- **Problem statement**: Both the line containing "Lemma cut_above s" and the line containing "rewrite leqNgt; apply/negP => cx." belong to the span. Output exactly that span from the listing below, and nothing outside it.

- **Study material**:

Lemma is_asc_flip (i : 'I_n) : is_asc (flip_descents pi) i = is_des pi i.
Proof.
rewrite is_asc_des is_des_flip is_asc_des; case: ltnP => /= [_|ge_i1n].
  exact: negbK.
by rewrite /is_des ltnNge ge_i1n.
Qed.

Lemma asc_flip : asc (flip_descents pi) = des pi.
Proof. by apply: eq_card => i; rewrite !inE is_asc_flip. Qed.

Lemma des_flip : des (flip_descents pi) = asc pi.
Proof. by apply: eq_card => i; rewrite !inE is_des_flip. Qed.

Lemma MNA_flip : MNA (flip_descents pi) = MND pi.
Proof. by apply: eq_bigl => I; apply: eq_nonadj => i; rewrite is_asc_flip. Qed.

Lemma MND_flip : MND (flip_descents pi) = MNA pi.
Proof. by apply: eq_bigl => I; apply: eq_nonadj => i; rewrite is_des_flip. Qed.

End FlipDescents.

Lemma flip_descents_avoids n (pi : 'S_n) :
  avoids_231_312 (flip_descents pi) = avoids_231_312 pi.
Proof.
by rewrite /flip_descents; case: ifP => [_|//]; rewrite layered_perm_avoids.
Qed.

Lemma flip_descentsK n : involutive (@flip_descents n).
Proof.
move=> pi; case av: (avoids_231_312 pi); last by rewrite /flip_descents av av.
have av' : avoids_231_312 (flip_descents pi) by rewrite flip_descents_avoids.
apply: avoids_231_312_inj; rewrite ?flip_descents_avoids // => i.
by rewrite is_des_flip // is_asc_flip.
Qed.

Local Open Scope ring_scope.

Theorem theorem12 (R : comNzRingType) (n : nat) (t1 t2 t3 t4 : R) :
  \sum_(pi : 'S_n | (avoids pi [:: 2; 3; 1]%N) && (avoids pi [:: 3; 1; 2]%N))
     t1 ^+ asc pi * t2 ^+ des pi * t3 ^+ MNA pi * t4 ^+ MND pi
  = \sum_(pi : 'S_n | (avoids pi [:: 2; 3; 1]%N) && (avoids pi [:: 3; 1; 2]%N))
     t1 ^+ des pi * t2 ^+ asc pi * t3 ^+ MND pi * t4 ^+ MNA pi.
Proof.
rewrite (reindex_inj (inv_inj (@flip_descentsK n))) /=.
apply: eq_big => [pi | pi av_flip]; first exact: flip_descents_avoids.
have av : avoids_231_312 pi by rewrite -flip_descents_avoids.
by rewrite asc_flip // des_flip // MNA_flip // MND_flip.
Qed.
(* Let Ψ(a) = ∫_{a0}^{a} ψ.  For fixed a', the sum S_N^ε[Ψ](b, a') is a Bernstein polynomial
   B_N g(b) in b with coefficients g_ν = Ψ(a' + h_{N,ν}), so the defect
   D(b) = B_N g(b) - Ψ(b + a') vanishes at b = -1 (only g_N survives there, and h_{N,N} = -1),
   and D'(b) = (N/2) B_{N-1}(Δg)(b) - ψ(b + a') with Δg_μ = g_μ - g_{μ+1}.  Each Δg_μ is the
   integral of ψ over a step of length c = 2(1 - ε_N)/N starting at a' + h_{N,μ+1}, and
   h_{N,μ+1} is the node h_{N-1,μ} of the shifted sequence δ_{N-1} = ε_N + (1 - ε_N)/N.  Hence
   (N/2) B_{N-1}(Δg)(b) is (1 - ε_N) times the mean of S_{N-1}^δ[ψ](b, a' + s) over s ∈ [0, c],
   so |D'| is bounded by the supershift error of ψ for δ, the oscillation of ψ at scale c, and
   ε_N sup |ψ|.  Integrating D' from -1 to a bounds D(a).  The shifted sequences δ still tend to 0
   uniformly, so property (2) of ψ, used on a compact neighbourhood of the points involved, yields
   property (2) of Ψ; property (1) is the case of a one-element family. *)

Ltac C_field :=
  repeat match goal with z : C |- _ => destruct z end;
  apply injective_projections; simpl;
  unfold Cminus, Cplus, Copp, Cmult, RtoC, scal, plus, minus, opp, mult, zero; simpl;
  unfold prod_scal, prod_plus, prod_opp; simpl;
  unfold scal, plus, minus, opp, mult, zero; simpl;
  field.

Lemma Cmult_RtoC_scal (r : R) (z : C) : Cmult (RtoC r) z = scal r z.
Proof. C_field. Qed.

Lemma is_derive_scal_fct (f : R -> R) (h : R -> C) (x df : R) (dh : C) :
  is_derive f x df -> is_derive h x dh ->
  is_derive (fun t => scal (f t) (h t)) x (plus (scal df (h x)) (scal (f x) dh)).
Proof.
  intros Hf Hh. eapply filterdiff_ext_lin.
  - exact (filterdiff_scal_fct x f h _ _ Rmult_comm Hf Hh).
  - intros y. simpl. generalize (h x) dh. intros. C_field.
Qed.

Lemma sum_n_pascal {G : AbelianMonoid} (x u v : nat -> G) (N : nat) :
  x O = u O -> (forall k, (k < N)%nat -> x (S k) = plus (u (S k)) (v k)) -> x (S N) = v N ->
  sum_n x (S N) = plus (sum_n u N) (sum_n v N).
Proof.
  intros H0 HS HN.
  enough (Hm : forall M, (M <= N)%nat -> plus (sum_n x M) (v M) = plus (sum_n u M) (sum_n v M))
    by (rewrite sum_Sn, HN; apply Hm; lia).
  induction M as [|M IH]; intros HM.
  - rewrite !sum_O, H0. reflexivity.
  - rewrite !sum_Sn, HS by lia.
    rewrite (plus_comm (u (S M)) (v M)), (plus_assoc (sum_n x M) (v M)), IH by lia.
    rewrite <- !plus_assoc. f_equal. rewrite !plus_assoc. f_equal. apply plus_comm.
Qed.
Lemma clique_run_adj x y i j :
  clique_run x y -> x <= i -> i < j -> j <= y -> adj i j.
Proof.
case/and3P=> xy yn /orP[/eqP<-|xy_adj] xi ij jy; first lia.
have iy : adj i y.
  case: (ltngtP x i) xi => // [xi' _|<- //].
  by case/andP: (@adj_umbrella x i y ltac:(lia) xy_adj).
case: (ltngtP j y) jy => // [jy' _|-> //].
by case/andP: (@adj_umbrella i j y ltac:(lia) iy).
Qed.

Variable t : nat.

Definition admissible (m : nat) (u : mon n) : Prop :=
  mdeg u = t * m /\ forall x y, clique_run x y -> run_sum (expo u) x y <= m.

Lemma run_sum_sqfree A x y :
  independent e A -> clique_run x y -> run_sum (expo (sqfree_mon A)) x y <= 1.
Proof.
move=> /forall_inP indA xy; apply: run_sum_le1 => [i|i j xi ij jy].
  by rewrite /expo; case: insub => // a; rewrite ffunE; case: (_ \in _).
rewrite /expo; case: insubP => // a _ ai; case: insubP => // b _ bj; subst i j.
rewrite !ffunE.
case Aa: (pi a \in A) => //; case Ab: (pi b \in A) => // _ _.
have := clique_run_adj xy xi ij jy; rewrite adj_ord.
by have /forall_inP/(_ _ Ab)/negbTE-> := indA _ Aa.
Qed.

Lemma pow_gens_admissible m u : u \in pow_gens (It_gens e t) m -> admissible m u.
Proof.
elim: m u => [|m IH] u /=.
  rewrite mem_seq1 => /eqP->; split.
    by rewrite muln0 /mdeg big1 // => z _; rewrite ffunE.
  by move=> x y _; rewrite /run_sum big1 // => i _; rewrite expo_one.
case/allpairsP=> -[g h] [/= /It_gensP[A -> [cA indA]] /IH[dh runh] ->].
split; first by rewrite mdeg_mul mdeg_sqfree dh cA mulnS.
move=> x y xy; rewrite /run_sum (eq_bigr _ (fun i _ => expo_mul _ _ i)) -/(run_sum _ _ _).
by rewrite run_sumD; have := run_sum_sqfree indA xy; have := runh x y xy; lia.
Qed.

Section Greedy.

Variables (m : nat) (u : mon n).
Hypothesis u_adm : admissible m.+1 u.

Local Notation P := (psum (expo u)).

Lemma cut_exists s : exists y, (s * m.+1 < P y.+1) || (n <= y).
Proof. by exists n; rewrite leqnn orbT. Qed.

(* The s-th cut is the position of the unit number s * (m + 1) of u, counted
   from 0 along the interval order; the disjunct n <= y only makes it total. *)
Definition cut (s : nat) : nat := ex_minn (cut_exists s).

Lemma cut_min s y : s * m.+1 < P y.+1 -> cut s <= y.
Proof. by rewrite /cut; case: ex_minnP => c _ cmin ys; apply: cmin; rewrite ys. Qed.

Lemma cut_below s : P (cut s) <= s * m.+1.
Proof.
rewrite /cut; case: ex_minnP => -[|c] _ cmin; first by rewrite /psum big_geq.
by rewrite leqNgt; apply/negP => lt; have := cmin c; rewrite lt => /(_ isT); lia.
Qed.

Lemma cut_lt s : s < t -> cut s < n.
Proof.
move=> st; have Pn : P n = t * m.+1 by rewrite psum_expo // u_adm.1.
have n_pos : 0 < n by case: (posnP n) Pn => [->|//]; rewrite /psum big_geq //; lia.
by have := @cut_min s n.-1; rewrite prednK // Pn ltn_pmul2r // st; lia.
Qed.

Lemma cut_above s : s < t -> s * m.+1 < P (cut s).+1.
Proof.
by move=> st; have := cut_lt st; rewrite /cut; case: ex_minnP => c /orP[//|nc] _; lia.
Qed.

Lemma expo_cut_pos s : s < t -> 0 < expo u (cut s).
Proof.
by move=> st; have := cut_above st; rewrite psum_recr; have := cut_below s; lia.
Qed.

Lemma cut_apart s s' : s < s' -> s' < t -> cut s < cut s' /\ ~~ adj (cut s) (cut s').
Proof.
move=> ss' s't.
have step : s.+1 * m.+1 <= s' * m.+1 by rewrite leq_mul2r ss' orbT.
have le : cut s <= cut s'.
  by apply: cut_min; apply: leq_ltn_trans (cut_above s't); rewrite leq_mul2r ltnW ?orbT.
have heavy : m.+1 < run_sum (expo u) (cut s) (cut s').
  have := psum_run (expo u) (leqW le); have := cut_above s't; have := cut_below s.
  by move: step; rewrite mulSn; lia.
have : ~~ clique_run (cut s) (cut s') by apply/negP => /(u_adm.2 _ _); lia.
rewrite /clique_run le cut_lt //= negb_or => /andP[neq ->].
by rewrite ltn_neqAle neq le.
Qed.

Lemma cut_in_saturated_run x y :
  clique_run x y -> run_sum (expo u) x y = m.+1 -> exists2 s, s < t & x <= cut s <= y.
Proof.
case/and3P=> xy yn _ sat.
have Py : P y.+1 = P x + m.+1 by rewrite (psum_run _ (leqW xy)) sat.
have Pt : P y.+1 <= t * m.+1 by rewrite -u_adm.1 -(psum_expo u (leqnn n)) psum_mono.
pose c := (P x + m) %/ m.+1.
have [lo hi] : P x <= c * m.+1 /\ c * m.+1 < P x + m.+1.
  by have := divn_eq (P x + m) m.+1; have := ltn_pmod (P x + m) (ltn0Sn m); lia.
have ct : c < t by rewrite -(ltn_pmul2r (ltn0Sn m)); lia.
exists c => //; apply/andP; split; last by apply: cut_min; lia.
rewrite leqNgt; apply/negP => cx.
by have := cut_above ct; have := psum_mono (expo u) cx; lia.
Qed.

Definition cut_vertex (s : 'I_t) : 'I_n := pi (Ordinal (cut_lt (ltn_ord s))).

Definition cut_set : {set 'I_n} := cut_vertex @: [set: 'I_t].

Lemma expo_cut_set i : expo (sqfree_mon cut_set) i = [exists s : 'I_t, cut s == i].
Proof.
rewrite /expo; case: insubP => [a _ ai|ni]; last first.
  by case: existsP => // -[s /eqP cs]; case/negP: ni; rewrite -cs cut_lt.
rewrite ffunE; congr nat_of_bool.
apply/imsetP/existsP => [[s _ /pi_inj/(congr1 val) /= as_]|[s /eqP cs]].
  by exists s; rewrite -ai; apply/eqP; rewrite -as_.
by exists s => //; congr pi; apply: val_inj; rewrite /= cs ai.
Qed.

Lemma card_cut_set : #|cut_set| = t.
Proof.
rewrite card_imset ?cardsT ?card_ord // => s s' /pi_inj/(congr1 val) /= eq_cut.
apply: val_inj; case: (ltngtP s s') => // lt.
  by have [] := cut_apart lt (ltn_ord s'); lia.
by have [] := cut_apart lt (ltn_ord s); lia.
Qed.

Lemma independent_cut_set : independent e cut_set.
Proof.
apply/forall_inP => _ /imsetP[s _ ->]; apply/forall_inP => _ /imsetP[s' _ ->].
rewrite /cut_vertex; case: (ltngtP s s') => ss'.
- by rewrite -adj_ord; exact: (cut_apart ss' (ltn_ord s')).2.
- by rewrite -adj_ord adj_sym; exact: (cut_apart ss' (ltn_ord s)).2.
- by have -> : s = s' := val_inj ss'; rewrite e_irr.
Qed.

Definition greedy_rest : mon n := [ffun z => u z - (z \in cut_set)].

- **Task result**:
Lemma cut_above s : s < t -> s * m.+1 < P (cut s).+1.
Proof.
by move=> st; have := cut_lt st; rewrite /cut; case: ex_minnP => c /orP[//|nc] _; lia.
Qed.

Lemma expo_cut_pos s : s < t -> 0 < expo u (cut s).
Proof.
by move=> st; have := cut_above st; rewrite psum_recr; have := cut_below s; lia.
Qed.

Lemma cut_apart s s' : s < s' -> s' < t -> cut s < cut s' /\ ~~ adj (cut s) (cut s').
Proof.
move=> ss' s't.
have step : s.+1 * m.+1 <= s' * m.+1 by rewrite leq_mul2r ss' orbT.
have le : cut s <= cut s'.
  by apply: cut_min; apply: leq_ltn_trans (cut_above s't); rewrite leq_mul2r ltnW ?orbT.
have heavy : m.+1 < run_sum (expo u) (cut s) (cut s').
  have := psum_run (expo u) (leqW le); have := cut_above s't; have := cut_below s.
  by move: step; rewrite mulSn; lia.
have : ~~ clique_run (cut s) (cut s') by apply/negP => /(u_adm.2 _ _); lia.
rewrite /clique_run le cut_lt //= negb_or => /andP[neq ->].
by rewrite ltn_neqAle neq le.
Qed.

Lemma cut_in_saturated_run x y :
  clique_run x y -> run_sum (expo u) x y = m.+1 -> exists2 s, s < t & x <= cut s <= y.
Proof.
case/and3P=> xy yn _ sat.
have Py : P y.+1 = P x + m.+1 by rewrite (psum_run _ (leqW xy)) sat.
have Pt : P y.+1 <= t * m.+1 by rewrite -u_adm.1 -(psum_expo u (leqnn n)) psum_mono.
pose c := (P x + m) %/ m.+1.
have [lo hi] : P x <= c * m.+1 /\ c * m.+1 < P x + m.+1.
  by have := divn_eq (P x + m) m.+1; have := ltn_pmod (P x + m) (ltn0Sn m); lia.
have ct : c < t by rewrite -(ltn_pmul2r (ltn0Sn m)); lia.
exists c => //; apply/andP; split; last by apply: cut_min; lia.
rewrite leqNgt; apply/negP => cx.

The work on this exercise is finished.